Nature Nurtures

The Japanese practice of “forest bathing” is catching on around the world.

By Jodi Helmer

July-August 2018


Walking through a forest: Sunlight streaming through trees, birds chirping and wind rustling, the crunch of leaves beneath your feet. These simple pleasures are getting serious attention for the way they could help you feel healthier and happier.

The forest “is a place to slow down, relax the mind, release tension and awaken your senses to the natural beauty around you,” explains Ben “Crow” Page, a certified forest therapy guide and training coordinator for the Association of Nature and Forest Therapy (ANFT). “We spend most of our lives so stressed out. Escaping that for a couple of hours can feel so good.”

The Japanese call spending restorative time in the forest shinrin-yoku, or forest bathing. It became popular during the 1980s when workers, stressed and sick from spending too much time at their desks, were encouraged to go outdoors. As a result, the Japanese government has created more than 1,000 “recreation forests,” and walking through them is an essential part of preventive healthcare.

The concept is catching on here. The ANFT provides guided walks, and meetup groups in cities like San Francisco; Portland, Oregon; Pittsburgh; and Decatur, Georgia, foster opportunities to participate in the practice.

Margaret M. Hansen, EdD, a nursing professor at the University of San Francisco, isn’t surprised forest bathing is generating worldwide attention, noting that increases in the number of people living in cities has coincided with an increased prevalence of disorders such as cardiovascular disease.

“With the projected statistic of nine billion people living in cities by the year 2050,” Hansen says, “it may be wise for humans to return to nature and breathe in the identified compounds that are associated with health and well-being.”

Science supports the benefits of time spent in forests. Research in the Proceedings of the National Academy of Sciences found that walking in a natural area like a forest for 90 minutes helps boost mood. Other studies found that forest bathing helps lower stress, pulse rate, blood pressure and levels of cortisol, the stress hormone.

One analysis of 64 studies on forest bathing also found the practice to have therapeutic effects. Hansen, the lead author, hopes to draw attention to research on the topic.

She also wants to encourage additional research on forest bathing involving “various cultures and locations around the globe, as well as larger sample sizes, in order for researchers to arrive at definitive answers that may in turn be generalizable to the population.”

In the meantime, the latest investigations are exploring the potential for this practice to trigger positive immune responses—a promising new area of research.

Thanks to phytoncides, microbe-fighting compounds that trees emit to protect themselves against germs and insect infestations, forest bathing might improve human immune system function. The idea is that you breathe in these substances, which then boost the activity of your body’s natural killer (NK) cells, the cells that respond to viruses and tumor formation, and are linked to cancer prevention. Page notes that pine trees release the highest levels of phytoncides, so forests with abundant pine species could have the strongest impact on the immune system.

You don’t necessarily need to find a pine forest to reap the benefits, however.

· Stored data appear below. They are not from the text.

(* Let $P=\mathcal E-i\theta$, with $\theta\in su(N)$, be a rank-one Hermitian projector solving the Euler–Lagrange equations of the $\mathbb CP^{N-1}$ sigma model, and let $\Phi([\theta],\lambda)\in SU(N)$ solve the associated LSP $D_\alpha\Phi=u^\alpha\Phi$, $\alpha=1,2$, where $$u^1=\frac{-2}{1+\lambda}[\theta_1,\theta],\qquad u^2=\frac{-2}{1-\lambda}[\theta_2,\theta].$$ Let $\vec w_C=\big(f(x^1)\theta^j_1+g(x^2)\theta^j_2\big)\partial/\partial\theta^j$ be the generalized vector field associated with a conformal transformation. Then: (i) the $su(N)$-valued immersion function $F=\Phi^{-1}(fu^1+gu^2)\Phi$ has tangent vectors $D_\alpha F=\Phi^{-1}(\mathrm{pr}\,\vec w_Cu^\alpha)\Phi$, $\alpha=1,2$ (i.e. $F$ is the Fokas–Gel'fand immersion function associated with the conformal symmetry); (ii) the infinitesimal deformation $(u^1,u^2,\Phi)\mapsto(u^1,u^2,\Phi)+\epsilon\big(\mathrm{pr}\,\vec w_Cu^1,\ \mathrm{pr}\,\vec w_Cu^2,\ (fu^1+gu^2)\Phi\big)$, where $(fu^1+gu^2)\Phi=\Phi F$, is a symmetry of the Euler–Lagrange equations together with the LSP.
   Context: $\mathcal E=\mathbb I/N$. Write $\theta=\theta^je_j$ in a basis $e_j$ of $su(N)$; $\theta_1,\theta_2,\theta_{12}$ etc. denote partial derivatives in $x^1,x^2$ and $D_\alpha$ total derivatives, $\lambda$ is the spectral parameter. $P=\mathcal E-i\theta$ being a rank-one Hermitian projector means $P^2=P=P^\dagger$, $\mathrm{rank}\,P=1$. The Euler–Lagrange equations are $[\theta_{12},\theta]=0$, which is equivalent to $D_2u^1-D_1u^2+[u^1,u^2]=0$, the compatibility condition of the LSP. Two settings are considered: Minkowski space, where $x^1=x+t$, $x^2=x-t$, $u^1,u^2\in su(N)$, and $f,g$ are real functions; or Euclidean space, where $x^1=\xi$, $x^2=\bar\xi$ are complex conjugate variables, $(u^1)^\dagger=-u^2$, and $g(x^2)=\overline{f(x^1)}$. The prolongation is $\mathrm{pr}\,\vec w_C=\sum_J D_J(f\theta^j_1+g\theta^j_2)\,\partial/\partial\theta^j_J$. The deformation $(u^1,u^2,\Phi)\mapsto(u^1,u^2,\Phi)+\epsilon(A_1,A_2,\Psi)$ is a symmetry of the E–L equations together with the LSP if $D_2A_1-D_1A_2+[A_1,u^2]+[u^1,A_2]=0$ on solutions, $\Phi^{-1}\Psi\in su(N)$, and $D_\alpha\Psi=u^\alpha\Psi+A_\alpha\Phi$. *)

From mathcomp Require Import all_boot all_order all_algebra.
From mathcomp Require Import all_classical all_reals all_analysis.
From mathcomp Require Export complex.
Import GRing.Theory Num.Theory numFieldNormedType.Exports.

Set Implicit Arguments.
Unset Strict Implicit.
Unset Printing Implicit Defensive.

Local Open Scope ring_scope.

(* Points of the plane are (a,b) in R x R.
   Minkowski : a = x, b = t, x^1 = a + b, x^2 = a - b.
   Euclidean : x^1 = xi = a + i b, x^2 = conj xi = a - i b.
   In both cases the total derivatives D_1 = d/dx^1, D_2 = d/dx^2 are
     D_1 = (d_a + c d_b)/2,  D_2 = (d_a - c d_b)/2
   with c = 1 (Minkowski) or c = -i (Euclidean, Wirtinger derivatives). *)
Inductive setting := Minkowski | Euclidean.

Section Defs.
Variable R : realType.
Local Notation C := R[i].

Definition pa (h : R -> R -> R) : R -> R -> R :=
  fun a b => derive1 (fun s => h s b) a.
Definition pb (h : R -> R -> R) : R -> R -> R :=
  fun a b => derive1 (fun t => h a t) b.

Fixpoint iter_partial (w : seq bool) (h : R -> R -> R) : R -> R -> R :=
  match w with
  | [::] => h
  | d :: w' => (if d then pa else pb) (iter_partial w' h)
  end.

Definition smoothR (h : R -> R -> R) : Prop :=
  forall w : seq bool,
    continuous (fun p : R * R => iter_partial w h p.1 p.2) /\
    (forall a b, derivable (fun s => iter_partial w h s b) a 1 /\
                 derivable (fun t => iter_partial w h a t) b 1).

Definition smoothC (h : R -> R -> C) : Prop :=
  smoothR (fun a b => complex.Re (h a b)) /\
  smoothR (fun a b => complex.Im (h a b)).

Definition smoothM (m n : nat) (F : R -> R -> 'M[C]_(m, n)) : Prop :=
  forall i j, smoothC (fun a b => F a b i j).

Definition paC (h : R -> R -> C) : R -> R -> C := fun a b =>
  Complex (pa (fun a b => complex.Re (h a b)) a b)
          (pa (fun a b => complex.Im (h a b)) a b).
Definition pbC (h : R -> R -> C) : R -> R -> C := fun a b =>
  Complex (pb (fun a b => complex.Re (h a b)) a b)
          (pb (fun a b => complex.Im (h a b)) a b).

Definition paM (m n : nat) (F : R -> R -> 'M[C]_(m, n)) : R -> R -> 'M[C]_(m, n) :=
  fun a b => \matrix_(i, j) paC (fun a b => F a b i j) a b.
Definition pbM (m n : nat) (F : R -> R -> 'M[C]_(m, n)) : R -> R -> 'M[C]_(m, n) :=
  fun a b => \matrix_(i, j) pbC (fun a b => F a b i j) a b.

Spending time in a park, arboretum, botanical garden or even your own backyard can have profound effects on health and well-being.

“There are incredible neurological and physiological impacts when we slow down and relax in the natural world,” Page says.

Forest bathing can be as basic as taking a walk in nature—without popping in earbuds and listening to a podcast—to soak up the sights, sounds, scents and textures of the surroundings. Guided experiences, which Page likens to taking a yoga or meditation class, are also available.

While Hansen would like to see more studies delve into the benefits of forest bathing, she is still a strong supporter of the practice.

“I am quite biased…primarily because of the effects it has on me. When I walk in the forest and I am mindful of my five senses, I clear my mind [and] feel the stress melt away,” she says. “Make time to take a walk in natural settings and see how it makes you feel—and don’t forget to breathe deeply and slowly while you stand in awe of the great outdoors that surrounds you.”